Somewhere below are a line with "Definition Fq_linear (F" and a later line with "From Pilot Require Import Defs.". Output exactly those lines and all lines between them.

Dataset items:

+++

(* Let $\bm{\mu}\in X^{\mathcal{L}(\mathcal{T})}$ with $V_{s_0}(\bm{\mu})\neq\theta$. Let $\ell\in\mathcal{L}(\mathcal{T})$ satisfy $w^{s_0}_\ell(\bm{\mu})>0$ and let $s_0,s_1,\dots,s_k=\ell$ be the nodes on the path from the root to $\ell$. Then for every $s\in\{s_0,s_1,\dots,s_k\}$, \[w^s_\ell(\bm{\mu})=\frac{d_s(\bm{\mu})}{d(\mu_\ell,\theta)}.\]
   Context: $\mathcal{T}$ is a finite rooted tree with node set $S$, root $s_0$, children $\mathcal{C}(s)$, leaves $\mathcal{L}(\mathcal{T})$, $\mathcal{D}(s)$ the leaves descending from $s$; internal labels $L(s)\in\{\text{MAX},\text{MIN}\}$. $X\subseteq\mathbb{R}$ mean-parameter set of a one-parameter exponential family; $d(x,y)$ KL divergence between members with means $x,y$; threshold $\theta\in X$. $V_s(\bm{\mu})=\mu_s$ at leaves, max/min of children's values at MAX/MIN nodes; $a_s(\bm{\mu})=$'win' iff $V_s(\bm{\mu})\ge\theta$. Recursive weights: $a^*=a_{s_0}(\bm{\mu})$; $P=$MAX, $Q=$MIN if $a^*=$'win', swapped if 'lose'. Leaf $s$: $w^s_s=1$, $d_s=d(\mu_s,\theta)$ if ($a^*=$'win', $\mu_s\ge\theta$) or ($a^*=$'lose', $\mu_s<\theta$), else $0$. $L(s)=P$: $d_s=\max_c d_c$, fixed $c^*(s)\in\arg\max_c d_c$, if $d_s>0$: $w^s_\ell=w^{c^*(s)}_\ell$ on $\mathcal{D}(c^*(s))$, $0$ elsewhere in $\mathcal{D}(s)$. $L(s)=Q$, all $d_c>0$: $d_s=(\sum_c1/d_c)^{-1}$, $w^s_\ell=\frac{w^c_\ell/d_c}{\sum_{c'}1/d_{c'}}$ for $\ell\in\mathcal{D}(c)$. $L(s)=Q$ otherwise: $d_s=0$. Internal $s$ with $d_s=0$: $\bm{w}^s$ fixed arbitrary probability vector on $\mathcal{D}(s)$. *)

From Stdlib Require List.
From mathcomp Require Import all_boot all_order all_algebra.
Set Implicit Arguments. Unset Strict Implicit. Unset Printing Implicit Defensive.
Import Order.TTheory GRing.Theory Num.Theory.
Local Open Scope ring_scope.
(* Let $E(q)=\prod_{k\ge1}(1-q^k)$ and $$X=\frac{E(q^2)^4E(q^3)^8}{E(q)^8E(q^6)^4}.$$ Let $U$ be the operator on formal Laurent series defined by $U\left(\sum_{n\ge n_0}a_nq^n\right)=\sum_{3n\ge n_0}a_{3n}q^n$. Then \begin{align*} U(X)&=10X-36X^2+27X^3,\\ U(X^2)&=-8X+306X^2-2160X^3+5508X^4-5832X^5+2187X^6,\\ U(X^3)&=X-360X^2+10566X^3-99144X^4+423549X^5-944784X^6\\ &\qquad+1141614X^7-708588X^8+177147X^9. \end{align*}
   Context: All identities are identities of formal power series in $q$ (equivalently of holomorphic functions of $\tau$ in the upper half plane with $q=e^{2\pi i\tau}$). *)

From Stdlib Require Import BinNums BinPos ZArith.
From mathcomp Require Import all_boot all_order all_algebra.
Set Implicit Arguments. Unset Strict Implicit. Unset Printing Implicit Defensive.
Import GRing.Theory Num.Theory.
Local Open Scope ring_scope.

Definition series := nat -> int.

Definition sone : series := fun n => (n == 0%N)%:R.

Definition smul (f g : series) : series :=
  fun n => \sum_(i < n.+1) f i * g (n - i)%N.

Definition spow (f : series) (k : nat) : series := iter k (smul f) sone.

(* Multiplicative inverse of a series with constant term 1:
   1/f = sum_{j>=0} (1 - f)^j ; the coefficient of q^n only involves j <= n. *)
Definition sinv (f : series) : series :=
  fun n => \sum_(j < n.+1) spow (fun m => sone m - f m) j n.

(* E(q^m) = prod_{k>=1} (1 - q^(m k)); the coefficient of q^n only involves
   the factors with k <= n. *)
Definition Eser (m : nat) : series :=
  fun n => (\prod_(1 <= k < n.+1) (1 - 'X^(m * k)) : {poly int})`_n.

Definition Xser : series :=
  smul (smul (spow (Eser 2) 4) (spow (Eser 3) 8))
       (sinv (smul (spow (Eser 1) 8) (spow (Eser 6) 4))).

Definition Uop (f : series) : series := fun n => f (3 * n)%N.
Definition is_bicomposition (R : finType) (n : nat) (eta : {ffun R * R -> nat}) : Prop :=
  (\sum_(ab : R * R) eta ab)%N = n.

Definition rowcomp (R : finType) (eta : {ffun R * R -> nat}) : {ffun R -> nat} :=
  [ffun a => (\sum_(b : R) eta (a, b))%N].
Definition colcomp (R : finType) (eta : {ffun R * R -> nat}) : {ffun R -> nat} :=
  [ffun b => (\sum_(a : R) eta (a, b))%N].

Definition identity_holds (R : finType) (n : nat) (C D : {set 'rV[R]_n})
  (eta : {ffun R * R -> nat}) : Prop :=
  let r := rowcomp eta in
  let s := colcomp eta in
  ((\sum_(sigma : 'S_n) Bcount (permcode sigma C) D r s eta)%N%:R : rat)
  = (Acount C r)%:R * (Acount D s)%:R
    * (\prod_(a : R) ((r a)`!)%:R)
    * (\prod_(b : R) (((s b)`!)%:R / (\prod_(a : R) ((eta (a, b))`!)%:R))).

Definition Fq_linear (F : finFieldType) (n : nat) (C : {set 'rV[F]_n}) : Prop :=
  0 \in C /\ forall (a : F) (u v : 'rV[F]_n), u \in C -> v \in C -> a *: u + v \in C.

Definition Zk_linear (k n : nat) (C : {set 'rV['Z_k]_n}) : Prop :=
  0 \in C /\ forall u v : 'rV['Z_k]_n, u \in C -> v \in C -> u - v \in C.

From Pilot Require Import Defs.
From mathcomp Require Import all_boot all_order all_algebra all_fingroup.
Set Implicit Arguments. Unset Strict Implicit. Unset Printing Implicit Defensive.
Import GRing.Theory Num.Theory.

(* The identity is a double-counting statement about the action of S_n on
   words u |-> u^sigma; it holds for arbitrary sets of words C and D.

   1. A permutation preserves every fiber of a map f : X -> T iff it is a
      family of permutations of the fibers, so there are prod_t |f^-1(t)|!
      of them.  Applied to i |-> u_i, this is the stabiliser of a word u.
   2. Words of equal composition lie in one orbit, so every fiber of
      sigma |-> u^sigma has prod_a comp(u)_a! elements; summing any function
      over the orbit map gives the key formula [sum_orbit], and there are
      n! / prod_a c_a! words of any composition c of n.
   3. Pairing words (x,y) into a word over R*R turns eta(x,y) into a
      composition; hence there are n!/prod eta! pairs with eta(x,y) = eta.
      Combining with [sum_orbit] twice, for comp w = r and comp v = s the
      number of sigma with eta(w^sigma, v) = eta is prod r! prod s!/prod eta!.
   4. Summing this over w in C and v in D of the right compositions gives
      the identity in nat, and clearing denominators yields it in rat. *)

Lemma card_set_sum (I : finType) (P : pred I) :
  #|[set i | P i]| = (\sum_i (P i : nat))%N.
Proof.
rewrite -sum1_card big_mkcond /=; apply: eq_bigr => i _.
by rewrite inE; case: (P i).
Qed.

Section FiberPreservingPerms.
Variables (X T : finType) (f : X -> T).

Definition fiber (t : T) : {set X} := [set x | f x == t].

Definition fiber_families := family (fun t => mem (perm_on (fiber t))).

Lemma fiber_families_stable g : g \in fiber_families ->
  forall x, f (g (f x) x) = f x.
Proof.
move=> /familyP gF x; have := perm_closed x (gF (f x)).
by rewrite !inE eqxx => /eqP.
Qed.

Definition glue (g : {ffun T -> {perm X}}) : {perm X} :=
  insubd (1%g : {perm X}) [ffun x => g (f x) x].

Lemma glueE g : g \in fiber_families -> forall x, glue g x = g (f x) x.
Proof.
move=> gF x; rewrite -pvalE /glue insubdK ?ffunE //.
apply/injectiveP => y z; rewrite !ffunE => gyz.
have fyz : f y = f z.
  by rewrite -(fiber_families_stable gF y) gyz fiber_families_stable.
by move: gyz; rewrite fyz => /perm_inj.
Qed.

+++

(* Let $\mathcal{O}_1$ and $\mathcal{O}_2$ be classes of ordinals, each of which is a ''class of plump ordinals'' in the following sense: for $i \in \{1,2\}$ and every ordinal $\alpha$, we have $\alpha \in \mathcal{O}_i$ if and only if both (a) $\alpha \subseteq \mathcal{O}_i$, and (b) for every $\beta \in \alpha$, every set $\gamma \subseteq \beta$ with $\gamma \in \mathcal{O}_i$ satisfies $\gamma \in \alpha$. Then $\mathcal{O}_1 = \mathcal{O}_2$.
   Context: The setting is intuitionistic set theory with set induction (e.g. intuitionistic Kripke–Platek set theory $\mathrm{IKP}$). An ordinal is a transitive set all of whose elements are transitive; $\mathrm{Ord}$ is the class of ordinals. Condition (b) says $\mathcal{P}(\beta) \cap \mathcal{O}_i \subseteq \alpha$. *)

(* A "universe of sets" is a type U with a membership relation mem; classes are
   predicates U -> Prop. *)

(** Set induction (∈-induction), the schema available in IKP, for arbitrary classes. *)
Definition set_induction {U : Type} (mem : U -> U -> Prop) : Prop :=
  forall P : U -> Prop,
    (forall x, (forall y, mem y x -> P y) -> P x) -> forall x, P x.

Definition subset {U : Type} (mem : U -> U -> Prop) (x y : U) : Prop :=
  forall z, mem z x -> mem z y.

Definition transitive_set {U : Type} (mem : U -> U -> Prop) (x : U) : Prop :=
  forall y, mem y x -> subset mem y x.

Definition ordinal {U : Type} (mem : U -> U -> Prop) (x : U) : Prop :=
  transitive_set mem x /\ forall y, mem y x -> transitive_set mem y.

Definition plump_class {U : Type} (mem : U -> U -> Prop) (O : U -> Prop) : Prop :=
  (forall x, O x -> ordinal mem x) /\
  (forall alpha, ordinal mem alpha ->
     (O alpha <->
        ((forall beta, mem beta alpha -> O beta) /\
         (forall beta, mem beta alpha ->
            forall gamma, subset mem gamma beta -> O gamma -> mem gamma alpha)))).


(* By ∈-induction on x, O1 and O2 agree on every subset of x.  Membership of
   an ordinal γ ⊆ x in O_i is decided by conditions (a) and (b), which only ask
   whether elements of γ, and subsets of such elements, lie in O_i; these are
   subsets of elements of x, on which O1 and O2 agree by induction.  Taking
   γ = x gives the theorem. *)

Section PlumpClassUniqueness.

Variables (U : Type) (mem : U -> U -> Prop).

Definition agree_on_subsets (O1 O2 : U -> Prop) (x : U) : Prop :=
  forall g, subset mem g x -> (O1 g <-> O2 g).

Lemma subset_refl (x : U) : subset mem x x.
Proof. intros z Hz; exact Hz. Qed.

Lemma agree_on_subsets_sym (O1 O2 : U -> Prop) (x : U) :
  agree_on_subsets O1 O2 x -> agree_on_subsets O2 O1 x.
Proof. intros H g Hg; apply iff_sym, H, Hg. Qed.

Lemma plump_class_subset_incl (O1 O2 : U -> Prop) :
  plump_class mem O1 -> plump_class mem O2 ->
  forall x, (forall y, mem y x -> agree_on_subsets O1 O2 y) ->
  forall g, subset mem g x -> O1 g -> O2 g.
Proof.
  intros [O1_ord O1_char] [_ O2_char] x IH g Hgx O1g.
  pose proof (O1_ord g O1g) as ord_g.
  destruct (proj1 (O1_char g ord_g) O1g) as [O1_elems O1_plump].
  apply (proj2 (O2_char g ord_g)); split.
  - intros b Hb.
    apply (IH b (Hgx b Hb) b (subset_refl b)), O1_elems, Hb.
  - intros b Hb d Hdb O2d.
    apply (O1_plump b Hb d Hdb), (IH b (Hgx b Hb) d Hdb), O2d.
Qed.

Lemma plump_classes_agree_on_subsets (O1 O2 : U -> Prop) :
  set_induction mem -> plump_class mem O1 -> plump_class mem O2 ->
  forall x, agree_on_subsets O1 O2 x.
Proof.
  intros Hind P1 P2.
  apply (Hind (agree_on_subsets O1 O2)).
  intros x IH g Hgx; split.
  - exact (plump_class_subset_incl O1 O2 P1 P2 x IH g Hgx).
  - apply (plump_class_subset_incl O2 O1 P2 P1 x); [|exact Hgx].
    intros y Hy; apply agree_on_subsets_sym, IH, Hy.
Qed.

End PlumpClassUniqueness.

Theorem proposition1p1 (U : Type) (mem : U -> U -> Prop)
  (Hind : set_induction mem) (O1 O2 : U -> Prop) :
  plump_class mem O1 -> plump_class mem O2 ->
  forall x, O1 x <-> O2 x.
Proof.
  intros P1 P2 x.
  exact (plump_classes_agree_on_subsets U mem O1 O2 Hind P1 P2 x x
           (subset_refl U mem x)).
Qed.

+++

* SOLUTION TO THIS PROBLEM:
Definition Fq_linear (F : finFieldType) (n : nat) (C : {set 'rV[F]_n}) : Prop :=
  0 \in C /\ forall (a : F) (u v : 'rV[F]_n), u \in C -> v \in C -> a *: u + v \in C.

Definition Zk_linear (k n : nat) (C : {set 'rV['Z_k]_n}) : Prop :=
  0 \in C /\ forall u v : 'rV['Z_k]_n, u \in C -> v \in C -> u - v \in C.

From Pilot Require Import Defs.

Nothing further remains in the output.